Son dönemde artan jeopolitik gerginlikler, İran ve ABD arasındaki ilişkileri derin bir sarsıntıya sokarken, Tahran yönetimi olası misilleme senaryolarını hazırlamaya başladı. ABD'nin İran üzerindeki baskısının artması ve bölgedeki askeri varlığının güçlendirilmesi, İran’ı karşı hamle arayışına itiyor. Bu kapsamda, İran’ın füzeler ve diğer askeri yeteneklerini nasıl kullanabileceği üzerine üç farklı senaryo üzerinde duruluyor. Bu senaryolar, hem bölgedeki dengeleri değiştirebilir hem de uluslararası ilişkilerde yeni bir dönem başlatabilir.

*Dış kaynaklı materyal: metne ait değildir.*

Lemma T_Tu F : inM F -> T F = Tu utility_of F.
Proof.
move=> hF; have hG := T_inM hF; apply/funext => x; rewrite /Tu.
have /andP[TF0 TF1] := inM_in01 x hG.
have le_TF p : 0 < p <= 1 -> p <= T F x <-> utility_of (lquantile F p) <= x.
  by move=> hp; rewrite -lquantile_T // lquantile_le.
apply/le_anti/andP; split.
  have [TFx0|TFx_gt0] := lerP (T F x) 0; first exact: le_trans TFx0 (down_measure_ge0 _ hF).
  have hp : 0 < T F x <= 1 by rewrite TFx_gt0.
  apply: le_trans (le_down_measure hF (proj1 (le_TF _ hp) (lexx _))).
  exact/(lquantile_le _ hF hp).
apply: down_measure_le => // t /= ut.
have [Ft0|Ft_gt0] := lerP (F t) 0; first exact: le_trans Ft0 TF0.
have hp : 0 < F t <= 1 by rewrite Ft_gt0; case/andP: (inM_in01 t hF).
apply/le_TF => //; apply: le_trans ut; apply: utility_of_homo.
exact/(lquantile_le _ hF hp).
Qed.

End CommutingTransform.

Section UtilityTransform.
Variable R : realType.
Variable u : R -> R.
Hypothesis hu : utility u.

Lemma utility_sublevel x : [\/ forall t, x < u t, forall t, u t <= x |
  exists s, forall t, u t <= x <-> t <= s].
Proof.
have [u_homo u_cont] := hu; set S := [set t | u t <= x].
have [[t1 St1]|/forallNP S0] := pselect (exists t, u t <= x); last first.
  by constructor 1 => t; rewrite ltNge; apply/negP/S0.
have [[t2 xt2]|/forallNP ST] := pselect (exists t, x < u t); last first.
  by constructor 2 => t; rewrite leNgt; apply/negP/ST.
have S_ub : ubound S t2.
  by move=> t; rewrite /S /= => ut; rewrite leNgt; apply/negP => /ltW/u_homo h; lra.
have S_closed : closed S := preimage_closed (fun t _ => u_cont t) (closed_le (y := x)).
have S_sup : S (sup S).
  have S_ne0 : S !=set0 by exists t1.
  have S_bounded : has_ubound S by exists t2.
  by have := closure_sup S_ne0 S_bounded; rewrite -(proj1 (closure_id S) S_closed).
constructor 3; exists (sup S) => t; split=> [St|ts].
  by apply: ub_le_sup St; exists t2.
exact: le_trans (u_homo _ _ ts) S_sup.
Qed.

İlk senaryoda, İran, ABD'nin Orta Doğu'daki askeri üslerini doğrudan hedef alabilir. Bu tür bir askeri müdahale, İran’ın sahip olduğu balistik füzeleri kullanarak yürütülecek bir saldırı şeklinde gerçekleşebilir. Özellikle Suudi Arabistan ve BAE gibi İran’ın rakipleri olan ülkelerin topraklarına yönelik saldırılar, Tahran'ın karşılık verme yöntemlerinden biri olarak değerlendiriliyor. Eğer bu senaryo hayata geçerse, doğrudan bir askeri çatışma yaşanması muhtemel görülüyor ki bu da uluslararası arenada büyük çatışmalara zemin hazırlayabilir.
İkinci senaryo, İran'ın asimetrik savaş stratejileri kullanarak karşılık vermesi üzerine kurgulanıyor. İran, tarihsel olarak gerilla savaşını ve sabote yöntemlerini iyi kullanıyor. Özellikle bölgedeki milis güçlerle işbirliği yaparak, ABD tarafından desteklenen hedeflere saldırılar düzenleyebilir. Bu tür bir yaklaşım, İran’ın daha az maliyetle etkili sonuçlar almasına olanak tanırken, ABD'nin bu tür bir saldırıya karşı koyma kapasitesini de zorlayabilir. Uzmanlara göre, bu senaryo, İran’ın daha önceki karşı hamleleriyle paralellik taşıyor ve elindeki kartları ustaca kullanmasının bir örneği.
Her iki senaryonun yanı sıra, İran’ın diplomaside yeni stratejiler geliştirmesi de dikkate alınan bir başka seçenek. Tahran yönetimi, uluslararası toplumu kendi yanında yer almaya ikna ederek, ABD’nin müdahalelerinin meşrulaştırılmasını zorlaştırabilir. Bu çerçevede, Avrupa ülkeleri ve Rusya ile daha yakın ilişkiler kurarak, Washington'un politikalarına karşı daha geniş bir direniş oluşturma stratejisi izleyebilir. Tüm bu olasılıklar, bölgede yeni bir kriz ortamı yaratabilirken, aynı zamanda İran’ın kendi güvenliği için nasıl bir yol izleyeceğini de gözler önüne seriyor.
İran’ın böyle bir duruma nasıl tepki vereceği, yalnızca bölgenin değil, tüm dünyanın dikkatini çekerken, bu senaryoların uygulanması durumunda muhtemel sonuçlarının neler olacağı konusunda çeşitli analizler yapılmaya başlandı. Olası bir askeri çatışma ve sonuçları oldukça karmaşık bir tablo çizerken, hem bölgesel hem de küresel güvenlik dinamiklerini değiştirebilecek bir durum ortaya çıkıyor.
Özetle, Tahran yönetiminin füzelerle hazırladığı senaryolar, bölgedeki dengeleri alt üst etme potansiyeline sahip. İran’ın kendi ulusal çıkarlarını korumak adına atacağı adımlar, sadece ABD ile olan ilişkilerini değil; Orta Doğu’daki güç dengelerini de etkileyecektir. Artık tüm gözler, İran'ın alacağı kararlara ve bu kararların yarattığı sonuçlara çevrildi.